7 Completely Fascinating Things I Learned About Alaska

One of my absolute favorite things is discovering places in America that are totally different from where I grew up. I’m endlessly fascinated by the fact that we all share a president and a currency but we eat different food, experience different cultures and weather, and have different words for soda. (I, of course, grew up calling it ‘pop.’)
So I spent much of my ten days in Alaska grilling my cousin and her husband about life in the frozen north.* I even kept ongoing notes on my phone because I am Super Fun. “What’s the deal with all these Russian Orthodox churches? THIS IS GOING IN MY PHONE.”
My cousin was born and raised in South Dakota but has been living in Alaska for eight years. Her husband is Aleut, born and raised on an island of 1,500 people, accessible only by plane or boat. Obviously, I spent much of my trip just asking them questions, then mumbling “fascinating!” and typing things into my phone.

Anyway, here are seven things I learned that totally floored me. 

 

Seven Things You Should Know about Alaska

Sleeping bag skirts + ice grippers

Minnesota, why aren’t we using these? I saw heaps of cute Alaskan ladies wearing fleece-lined leggings, those adorable Joan of Arctic boots, and a fitted little number I can only describe as a ‘sleeping bag skirt.’ Also: ice grippers on everyone’s shoes.  So much smarter than driving the three blocks to the co-op because my neighbors don’t shovel their sidewalks.

PFD checks

Somewhere I heard an urban legend that every Alaskan citizen receives $10,000 when they turn 18 and everyone receives yearly checks for thousands of dollars.  I had vague notions that this had to do with … oil? or gold? Alaskan citizens do get yearly checks, but they’re different every year and are usually around $1,000 – or less. The PFD checks come out the same time every year and retailers frequently time their sales to coincide with people getting their checks.

 

Things to know about Alaska

Native Alaskan food

Our culture and the resources that surround us determine the food we eat, right? So Native Alaskan food is obviously heavy on seal, whale, fish, moose, berries, and animal fat. I looooved hearing about stink flipper (the front flipper of a bearded seal that’s been buried, allowed to rot, and then boiled) and ‘eskimo ice cream,’ reindeer fat, seal oil, snow, and fresh berries. Thankfully Sadly, I didn’t get to try any of these myself.

Things to know before going to Alaska

Studded tires

Again, Minnesota, why don’t we have these? At least twice this winter I’ve done 180 degree spin outs at a stop sign and had to awkwardly recover by puttering off in the opposite direction of my destination. Studded tires are, of course, expensive and not particularly good for non-icy roads. Citizens are required to remove their studded tires by April 15th or face fines and tickets.

dry cabins in Alaska

‘Dry’ cabins

There are lots of places in Alaska where the permafrost is too high to install in-ground plumbing or running water. This means that there are beautiful cabins with internet, cable, and modern amenities – with an outhouse and water tanks. People can also install huge water tanks and pay a water wagon to visit their house for monthly top ups.

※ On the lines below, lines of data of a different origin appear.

Lemma SP_edge_pair H a b e : SP H a b -> e \in gE H ->
  exists x y, [/\ x != y, x \in gV H, y \in gV H & e = [set x; y]].
Proof.
move=> hH; elim: hH e => {H a b}
  [a b nab | G s t k Gs ss ts hser hsp IH | G s t k Gs [k2 _ hV hE] _ IH] e.
- by rewrite inE => /eqP ->; exists a, b; rewrite set21 set22.
- have hterm i (hi : i < k) := SP_terminals (hsp i hi).
  move=> /(serial_edgeP hser) [i hi he].
  have [x [y [nxy hx hy ->]]] := IH i hi _ he.
  by exists x, y; split => //; apply: (subsetP (serial_piece_vertices hser hi)).
- rewrite hE => /bigcupP [i _ he].
  have [x [y [nxy hx hy ->]]] := IH i (ltn_ord i) _ he.
  by exists x, y; split => //; rewrite hV; apply/bigcupP; exists i.
Qed.

Lemma SP_edge_vertex H a b e z : SP H a b -> e \in gE H -> z \in e -> z \in gV H.
Proof.
move=> hH he; have [x [y [_ hx hy ->]]] := SP_edge_pair hH he.
by case/set2P => ->.
Qed.

Lemma SP_edges_avoiding H a b (E : {set {set T}}) c :
  SP H a b -> gE H \subset E -> c \notin gV H -> gE H \subset edges_avoiding E c.
Proof.
move=> hH sE hc; apply/subsetP => e he; rewrite inE (subsetP sE _ he).
by apply: contraNN hc; apply: SP_edge_vertex hH he.
Qed.

Lemma SP_connect H a b x : SP H a b -> x \in gV H -> connect (adj (gE H)) a x.
Proof.
move=> hH; elim: hH x => {H a b}
  [a b nab | G s t k Gs ss ts hser hsp IH | G s t k Gs [k2 _ hV hE] _ IH] x.
- by case/set2P => ->; [exact: connect0 | apply: connect1; rewrite /adj inE].
- have hterm i (hi : i < k) := SP_terminals (hsp i hi).
  move=> /(serial_vertexP hser) [j hj hx].
  rewrite -(junction0 hser); apply: (connect_pieces hser hterm hj _ hx) => l hl y hy.
  have lk : l < k by lia.
  rewrite junction_lt //; apply: connect_adjS (serial_piece_edges hser lk) _.
  exact: IH.
- rewrite hV => /bigcupP [j _ hx].
  apply: connect_adjS (IH j (ltn_ord j) x hx).
  by rewrite hE; apply/subsetP => e he; apply/bigcupP; exists j.
Qed.

Lemma SP_connect_avoid H a b x : SP H a b -> x \in gV H -> x != b ->
  connect (adj (edges_avoiding (gE H) b)) a x.
Proof.
move=> hH; elim: hH x => {H a b}
  [a b nab | G s t k Gs ss ts hser hsp IH | G s t k Gs [k2 _ hV hE] _ IH] x.
- by case/set2P => -> //; rewrite eqxx.
- have hterm i (hi : i < k) := SP_terminals (hsp i hi).
  move=> /(serial_vertexP hser) [j hj hx] hxt.
  have k2 := serial_k_gt1 hser.
  have t_notin l : l < k.-1 -> t \notin gV (Gs l).
    move=> hl; apply/negP => htl.
    have ht : t \in gV (Gs k.-1) by rewrite -{1}(junctionk t k ss); apply: junctionk_in hser hterm.
    have [_ E2] := piece_meet hser (a := l) (b := k.-1) hl ltac:(lia) htl ht.
    have := junction_inj hser hterm (a := k) (b := k.-1) (leqnn k) ltac:(lia).
    by rewrite junctionk -E2 => /(_ erefl); lia.
  have avoid_t l : l < k.-1 -> gE (Gs l) \subset edges_avoiding (gE G) t.
    move=> hl; have hlk : l < k by lia.
    exact: SP_edges_avoiding (hsp l hlk) (serial_piece_edges hser hlk) (t_notin l hl).
  have to_junction l : l <= k.-1 ->
      connect (adj (edges_avoiding (gE G) t)) (junction t k ss 0) (junction t k ss l).
    move=> hl; apply: connect_junctions => [|i hi]; first by lia.
    have hik : i < k by lia.
    rewrite junction_lt //; apply: connect_adjS (avoid_t i _) _; first by lia.
    exact: SP_connect (hsp i hik) (junctionS_in hser hterm hik).
  rewrite -(junction0 hser).
  have [hj'|hj'] := ltnP j k.-1.
    apply: connect_trans (to_junction j (ltnW hj')) _.
    by rewrite junction_lt //; apply: connect_adjS (avoid_t j hj') (SP_connect (hsp j hj) hx).
  have ej : j = k.-1 by lia.
  apply: connect_trans (to_junction j ltac:(lia)) _.
  have tt : ts j = t by rewrite ej; case: hser.
  rewrite junction_lt //; move: (IH j hj x hx); rewrite tt => /(_ hxt).
  exact/connect_adjS/edges_avoidingS/(serial_piece_edges hser hj).
- rewrite hV => /bigcupP [j _ hx] hxt.
  apply: connect_adjS (IH j (ltn_ord j) x hx hxt).
  by apply: edges_avoidingS; rewrite hE; apply/subsetP => e he; apply/bigcupP; exists j.
Qed.
Theorem theorem6 (r r' : nat) (hr : (0 < r)%N) (hr' : (0 < r')%N)
  (tau : {perm vec r}) (tau' : {perm vec r'})
  (htau : tau 0 = 0) (htau' : tau' 0 = 0) :
  [/\ (point_transitive (SQS tau) -> point_transitive (SQS tau') ->
       point_transitive (SQS (catperm tau tau'))),
      (coord_transitive (S tau) -> coord_transitive (S tau') ->
       coord_transitive (S (catperm tau tau')))
    & (induced_by_regular_aut tau -> induced_by_regular_aut tau' ->
       coord_transitive (S tau) -> coord_transitive (S tau') ->
       neighbor_transitive (S (catperm tau tau')))].
Proof.
have rho0 := catperm0 htau htau'.
have rho_inj := catperm_inj (@perm_inj _ tau) (@perm_inj _ tau').
have CT_cat : coord_transitive (S tau) -> coord_transitive (S tau') ->
    coord_transitive (S (catperm tau tau')).
  move=> /(coord_transitive_swappable htau) sw /(coord_transitive_swappable htau') sw'.
  exact: swappable_coord_transitive rho0 (swappable_catperm sw sw').
split => //.
  move=> /(point_transitive_swappable htau) sw /(point_transitive_swappable htau') sw'.
  apply: (coord_transitive_point_transitive rho0 rho_inj).
  exact: swappable_coord_transitive rho0 (swappable_catperm sw sw').
move=> /regular_aut_homogeneous hom /regular_aut_homogeneous hom' CT CT'.
have autS := homogeneous_code_aut rho0 (homogeneous_catperm hom hom').
by split; [apply: Aut_transitive_code | apply: Aut_transitive_neighbors (CT_cat CT CT') autS].
Qed.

Things to know before traveling to Alaska

Cities that are ‘off the road system’

Did you know that there are huge swaths of Alaska that can’t be reached by road? Including the capital city? This is probably painfully obvious to anyone who has ever looked at a map of Alaska but I was floored (and sort of thrilled, really) to think of thousands of people who make lives in places that can only be reached by plane, dog sled, or snowmobile.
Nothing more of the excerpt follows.